ACIT: Attention-Guided Cross-Modal Interaction Transformer for Pedestrian Crossing Intention Prediction

Scheduled for presentation during the Regular Session "S29b-Human Factors and Human Machine Interaction in Automated Driving" (TH-EA-T29), Thursday, November 20, 2025, 14:30−14:50, Currumbin

2025 IEEE 28th International Conference on Intelligent Transportation Systems (ITSC), November 18-21, 2025, Gold Coast, Australia

This information is tentative and subject to change. Compiled on October 18, 2025

Keywords Protection Strategies for Vulnerable Road Users (Pedestrians, Cyclists, etc.), Human-Machine Interaction Systems for Enhanced Driver Assistance and Safety, Deep Learning for Scene Understanding and Semantic Segmentation in Autonomous Vehicles

Abstract

Predicting pedestrian crossing intention is crucial for autonomous vehicles to prevent pedestrian-related collisions.
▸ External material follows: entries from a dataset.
(* [|u_i u_j| <= (u_i^2 + u_j^2) / 2 <= sqn u] termwise. *)
Lemma bform_le_sqn B u : bform B u u <= abs_sum B * sqn u.
Proof.
have -> : bform B u u = \sum_i \sum_j u 0 i * B i j * u 0 j.
  rewrite /bform mxE exchange_big; apply: eq_bigr => j _.
  by rewrite !mxE mulr_suml; apply: eq_bigr => i _.
rewrite /abs_sum mulr_suml; apply: le_trans (ler_norm _) _.
apply: le_trans (ler_norm_sum _ _ _) _; apply: ler_sum => i _.
rewrite mulr_suml; apply: le_trans (ler_norm_sum _ _ _) _; apply: ler_sum => j _.
have ui := sqr_coord_le_sqn u i; have uj := sqr_coord_le_sqn u j.
rewrite -real_normK ?num_real // in ui; rewrite -real_normK ?num_real // in uj.
have uij : `|u 0 i| * `|u 0 j| <= sqn u.
  by have := normr_ge0 (u 0 i); have := normr_ge0 (u 0 j); nra.
by rewrite !normrM mulrAC [X in X <= _]mulrC ler_wpM2l.
Qed.

(* Cauchy-Schwarz for [bform A] with [y = u A^-1], for which
   [bform A y u = sqn u] and [bform A y y = bform A^-1 u u]. *)
Lemma sqn_le_bform A u : sym_posdef A -> sqn u <= abs_sum (invmx A) * bform A u u.
Proof.
move=> posA; have unitA := posdef_unitmx posA.
set y := u *m invmx A.
have yu : bform A y u = sqn u by rewrite /bform mulmxKV // /sqn /bform mulmx1.
have yy : bform A y y = bform (invmx A) u u.
  by rewrite /bform mulmxKV // trmx_mul trmx_inv posA.1 mulmxA.
have := sqr_bform_le posA y u; rewrite yu yy => cs.
have [sqn_le0|sqn_gt0] := leP (sqn u) 0.
  by apply: le_trans sqn_le0 _; rewrite mulr_ge0 ?abs_sum_ge0 ?bform_ge0.
rewrite -(ler_pM2r sqn_gt0) -expr2 mulrAC; apply: le_trans cs _.
by rewrite ler_wpM2r ?bform_ge0 ?bform_le_sqn.
Qed.

Lemma posdef_bform_le A M : sym_posdef A ->
  exists2 C, 0 < C & forall u, bform M u u <= C * bform A u u.
Proof.
move=> posA; exists (abs_sum M * abs_sum (invmx A) + 1) => [|u].
  by rewrite ltr_pwDr ?mulr_ge0 ?abs_sum_ge0.
apply: le_trans (bform_le_sqn M u) _.
apply: le_trans (_ : _ <= abs_sum M * (abs_sum (invmx A) * bform A u u)) _.
  by rewrite ler_wpM2l ?abs_sum_ge0 ?sqn_le_bform.
by rewrite mulrA mulrDl mul1r lerDl bform_ge0.
Qed.

End NormEquivalence.

Section Rayleigh.
Variables (R : realType) (n : nat) (A M : 'M[R]_n).
Hypotheses (posA : sym_posdef A) (posM : sym_posdef M).
Implicit Types (u f w : 'rV[R]_n).

Lemma lambda1_le u : lambda1 A M * bform M u u <= bform A u u.
Proof.
have [->|u_neq0] := eqVneq u 0; first by rewrite !bform0l mulr0.
have Mu_gt0 : 0 < bform M u u by exact: posM.2.
rewrite -ler_pdivlMr //; apply: ge_inf; last by exists u.
by exists 0 => _ [w [_ ->]]; rewrite divr_ge0 ?bform_ge0.
Qed.

Lemma lambda1_gt0 w : w != 0 -> 0 < lambda1 A M.
Proof.
move=> w_neq0; have [C C_gt0 MleA] := posdef_bform_le M posA.
apply: lt_le_trans (_ : C^-1 <= _); first by rewrite invr_gt0.
apply: lb_le_inf; first by exists (bform A w w / bform M w w), w.
move=> _ [u [u_neq0 ->]]; have Mu_gt0 : 0 < bform M u u by exact: posM.2.
by rewrite ler_pdivlMr // ler_pdivrMl.
Qed.

Lemma lambda1_ge0 : 0 <= lambda1 A M.
Proof.
have [[w /lambda1_gt0 /ltW //] | all0] := pselect (exists w : 'rV[R]_n, w != 0).
rewrite /lambda1; set X := (X in inf X); suff -> : X = set0 by rewrite inf0.
by rewrite -subset0 => r [w [w_neq0 _]]; apply: all0; exists w.
Qed.

Lemma normf_lambda1_le u : Num.sqrt (lambda1 A M) * normf M u <= normf A u.
Proof. by rewrite -sqrtrM ?lambda1_ge0 // ler_wsqrtr // lambda1_le. Qed.

Lemma Linv_bform f w : bform A (Linv A M f) w = bform M f w.
Proof. by rewrite /bform /Linv mulmxKV // posdef_unitmx. Qed.

Lemma LinvZ a f : Linv A M (a *: f) = a *: Linv A M f.
Proof. by rewrite /Linv -!scalemxAl. Qed.

(* [|L^-1 f|^2 = [f, L^-1 f] <= |f|_0 |L^-1 f|_0 <= |f|_0 |L^-1 f| / sqrt lambda1]. *)
Lemma normf_Linv_le f : Num.sqrt (lambda1 A M) * normf A (Linv A M f) <= normf M f.
Proof.
set x := Linv A M f; set s := Num.sqrt (lambda1 A M).
have [x0|x_gt0] := leP (normf A x) 0.
  by rewrite (@le_anti _ _ (normf A x) 0) ?x0 ?normf_ge0 // mulr0 normf_ge0.
rewrite -(ler_pM2r x_gt0) -mulrA -expr2 sqr_normf // Linv_bform.
apply: le_trans (_ : _ <= s * (normf M f * normf M x)) _.
  by rewrite ler_wpM2l ?sqrtr_ge0 // (le_trans (ler_norm _)) ?bform_le_normf.
by rewrite mulrCA ler_wpM2l ?normf_ge0 ?normf_lambda1_le.
Qed.

End Rayleigh.

Section EnergyProjection.
Variables (R : realType) (n m N : nat) (A : 'M[R]_n) (S : 'M[R]_(m, n)).
Variable vb : 'I_N -> 'rV[R]_n.
Hypotheses (posA : sym_posdef A) (rankS : \rank S = N)
  (vb_sub : forall j, (vb j <= S)%MS)
  (vb_orthonormal : forall j1 j2, bform A (vb j1) (vb j2) = (j1 == j2)%:R).
Implicit Types (u w z : 'rV[R]_n).

Definition Aproj w := \sum_j bform A w (vb j) *: vb j.

Lemma bform_comb_vb (c : 'I_N -> R) k : bform A (\sum_j c j *: vb j) (vb k) = c k.
Proof.
rewrite bform_suml (bigD1 k) //= bformZl vb_orthonormal eqxx mulr1.
by rewrite big1 ?addr0 // => j /negbTE jk; rewrite bformZl vb_orthonormal jk mulr0.
Qed.

Lemma bform_Aproj_vb w k : bform A (Aproj w) (vb k) = bform A w (vb k).
Proof. exact: bform_comb_vb. Qed.

Lemma Aproj_sub w : (Aproj w <= S)%MS.
Proof. by apply: summx_sub => j _; apply: scalemx_sub. Qed.

Lemma AprojZ a w : Aproj (a *: w) = a *: Aproj w.
Proof. by rewrite /Aproj scaler_sumr; apply: eq_bigr => j _; rewrite bformZl scalerA. Qed.

(* The [vb j] are free since their Gram matrix is the identity, and there are
   [\rank S] of them. *)
Lemma vb_span : (S <= \matrix_(j < N) vb j)%MS.
Proof.
set B := \matrix_(j < N) vb j.
have BS : (B <= S)%MS by apply/row_subP => j; rewrite rowK.
have gram : B *m (A *m B^T) = 1%:M.
  apply/matrixP => j1 j2; rewrite mulmxA [RHS]mxE -vb_orthonormal /bform !mxE.
  apply: eq_bigr => k _; rewrite !mxE; congr (_ * _).
  by apply: eq_bigr => l _; rewrite !mxE.
have /eqP rankB : row_free B by apply/row_freeP; exists (A *m B^T).
by rewrite -(mxrank_leqif_sup BS).2 rankB rankS.
Qed.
However, effectively extracting and integrating complementary cues from different types of data remains one of the major challenges. This paper proposes an attention-guided cross-modal interaction Transformer (ACIT) for pedestrian crossing intention prediction. ACIT leverages six visual and motion modalities, which are grouped into three interaction pairs: (1) Global semantic map and global optical flow, (2) Local RGB image and local optical flow, and (3) Ego-vehicle speed and pedestrian’s bounding box. Within each visual interaction pair, a dual-path attention mechanism enhances salient regions within the primary modality through intra-modal self-attention and facilitates deep interactions with the auxiliary modality (i.e., optical flow) via optical flow-guided attention. Within the motion interaction pair, cross-modal attention is employed to model the cross-modal dynamics, enabling the effective extraction of complementary motion features. Beyond pairwise interactions, a multi-modal feature fusion module further facilitates cross-modal interactions at each time step. Furthermore, a Transformer-based temporal aggregation module is introduced to capture sequential dependencies. Experimental results demonstrate that ACIT outperforms state-of-the-art methods, achieving accuracy rates of 70% and 89% on the JAADbeh and JAADall datasets, respectively. Extensive ablation studies are further conducted to investigate the contribution of different modules of ACIT. The source code will be released at https://github.com/lyzDE/ACIT-PIP.